On alterne pour les rencontres en grand groupe. Un mois, ça va être une rencontre collégiale avec les dix-neuf membres, mais c’est juste nous, les théâtres. Et, le mois suivant, ça va être un atelier de formation avec un intervenant qui va nous présenter un domaine particulier du don des particuliers, puis qui va répondre spécifiquement aux questions qu’on se pose.
C’est assez structuré, normalement, parce qu’on a toujours un ordre du jour. Mais ça reste quand même assez informel, la façon qu’on se parle. Et on partage beaucoup, surtout pendant la pandémie : on a partagé beaucoup nos inquiétudes, des enjeux que nous avions.
On choisit les thèmes, on les propose au grand groupe, puis on définit vraiment les questions spécifiques, le sujet, le déroulé, et les intervenants ciblés. On a approché les intervenants de cette façon en leur disant, bien : « Voilà, on a telle thématique, on voudrait aborder telle et telle question ». Puis, généralement, on n’a jamais de refus, parce qu’ils sont convaincus par le regroupement, puis l’intérêt, et puis les questions. On arrive à fournir des ateliers de formation sur mesure, et c’est ça qui est aussi un plus pour le regroupement.
Le fait de refaire un retour sur l’atelier précédent, souvent, précise les intentions pour la suite ou soulève des enjeux différents qui pourraient être abordés dans l’année, donc, qui ajustent un peu les prochains ateliers.
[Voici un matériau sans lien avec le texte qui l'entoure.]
(* For any sets $X,Y$ and any $f:X\to\mathcal W(Y)$, the map $f^\dagger:\mathcal W(X)\to\mathcal W(Y)$ is a total function; that is, for every $m\in\mathcal W(X)$ the sums defining $f^\dagger(m)$ are defined and $f^\dagger(m)\in\mathcal W(Y)$.
   Context: $\mathcal A=\langle U,+,\cdot,\mathbf 0,\mathbf 1\rangle$ is a partial semiring ($+$ commutative, associative, possibly partial, unit $\mathbf 0$; $\cdot$ total, associative, unit $\mathbf 1$; two-sided distributivity; $\mathbf 0$ annihilates), naturally ordered ($u\le v$ iff $\exists w.\,u+w=v$ is a partial order), Scott continuous ($+$ and $\cdot$ preserve suprema of directed sets in each argument), with a top element. Infinite sums are suprema of finite partial sums. $\mathcal W(X)$ is the set of $m:X\to U$ whose support $\mathrm{supp}(m)=\{x:m(x)\ne\mathbf 0\}$ is countable and whose mass $|m|=\sum_{x\in\mathrm{supp}(m)}m(x)$ is defined. $f^\dagger(m)(y)=\sum_{x\in\mathrm{supp}(m)}m(x)\cdot f(x)(y)$. *)

From Stdlib Require Import List.
Import ListNotations.
Set Implicit Arguments.

Record PSemiring := {
  car  : Type;
  padd : car -> car -> option car;
  mul  : car -> car -> car;
  zero : car;
  one  : car
}.

Section PSR.
Variable A : PSemiring.
Notation U := (car A).

Definition obind (o : option U) (k : U -> option U) : option U :=
  match o with Some v => k v | None => None end.

Definition le (u v : U) : Prop := exists w, padd A u w = Some v.

Definition directed (D : U -> Prop) : Prop :=
  (exists d, D d) /\
  (forall a b, D a -> D b -> exists c, D c /\ le a c /\ le b c).

Definition is_sup (D : U -> Prop) (s : U) : Prop :=
  (forall d, D d -> le d s) /\ (forall t, (forall d, D d -> le d t) -> le s t).

Record ContinuousPSR : Prop := {
  padd_comm : forall u v, padd A u v = padd A v u;
  padd_assoc : forall u v w,
      obind (padd A u v) (fun uv => padd A uv w)
      = obind (padd A v w) (fun vw => padd A u vw);
  padd_0 : forall u, padd A u (zero A) = Some u;
  mul_assoc : forall u v w, mul A (mul A u v) w = mul A u (mul A v w);
  mul_1l : forall u, mul A (one A) u = u;
  mul_1r : forall u, mul A u (one A) = u;
  mul_Dr : forall w u v s, padd A u v = Some s ->
      padd A (mul A w u) (mul A w v) = Some (mul A w s);
  mul_Dl : forall w u v s, padd A u v = Some s ->
      padd A (mul A u w) (mul A v w) = Some (mul A s w);
  mul_0l : forall u, mul A (zero A) u = zero A;
  mul_0r : forall u, mul A u (zero A) = zero A;
  (* natural order is a partial order (reflexivity and transitivity follow
     from the unit and associativity laws; antisymmetry is the assumption) *)
  le_antisym : forall u v, le u v -> le v u -> u = v;
  dcpo : forall D, directed D -> exists s, is_sup D s;
  padd_scott_r : forall D s u, directed D -> is_sup D s ->
      (forall d, D d -> exists v, padd A u d = Some v) ->
      exists us, padd A u s = Some us /\
        is_sup (fun e => exists d, D d /\ padd A u d = Some e) us;
  padd_scott_l : forall D s u, directed D -> is_sup D s ->
      (forall d, D d -> exists v, padd A d u = Some v) ->
      exists us, padd A s u = Some us /\
        is_sup (fun e => exists d, D d /\ padd A d u = Some e) us;
  mul_scott_r : forall D s u, directed D -> is_sup D s ->
      is_sup (fun e => exists d, D d /\ e = mul A u d) (mul A u s);
  mul_scott_l : forall D s u, directed D -> is_sup D s ->
      is_sup (fun e => exists d, D d /\ e = mul A d u) (mul A s u);
  has_top : exists t, forall u, le u t
}.

Fixpoint fsum (X : Type) (g : X -> U) (l : list X) : option U :=
  match l with
  | [] => Some (zero A)
  | x :: l' => obind (fsum g l') (fun v => padd A (g x) v)
  end.

Definition countable (X : Type) (S : X -> Prop) : Prop :=
  exists e : nat -> option X, forall x, S x -> exists n, e n = Some x.

Definition finite_partial_sum (X : Type) (S : X -> Prop) (g : X -> U) (w : U) :=
  exists l, NoDup l /\ (forall x, In x l -> S x) /\ fsum g l = Some w.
On a une boîte à outils qu’on gère : les enregistrements des formations, les supports qu’on nous a donnés dans les formations. Il y a aussi tous les documents, les comptes rendus de réunions ainsi que toutes les études spécifiques, analyses ou articles de presse en philanthropie qui paraissent… on a tout à un seul endroit – les actions qu’on a mises en place dans nos théâtres pour donner suite à la campagne annuelle Un acte pour le théâtre.
Dans la boîte à outils, on met à un seul endroit ceux qui ont mis en place des actions. Puis, tous les dix-neuf théâtres ont accès. Donc, on peut aller rechercher de l’information; on peut les utiliser.
La culture du regroupement
Les participantes à l’entrevue définissent la culture du regroupement dans les termes suivants :
C’est un endroit sécuritaire où on peut s’exprimer librement. On n’est pas en train de se juger les uns les autres; on est véritablement en train de s’aider et de se conseiller et de se soutenir dans le cadre de ce groupe.
On a eu des commentaires qui étaient extraordinaires. Puis, ce que certains ont dit, bien voilà, c’est : « Les formations qu’on a par l’intermédiaire du regroupement; c’est d’une valeur inestimable. C’est tellement riche. On n’a pas accès à tout ça par un autre moyen. » Donc, ça, c’est vraiment super, parce qu’on dit : « Wow, ça veut dire que le regroupement, il a tout son sens. » Les gens sont contents d’appartenir au regroupement. Ça donne à la fois un sentiment d’appartenance, mais un sentiment aussi de savoir qu’on n’est pas tous seuls, parce qu’on est souvent tout seuls dans notre organisation à gérer cet aspect-là.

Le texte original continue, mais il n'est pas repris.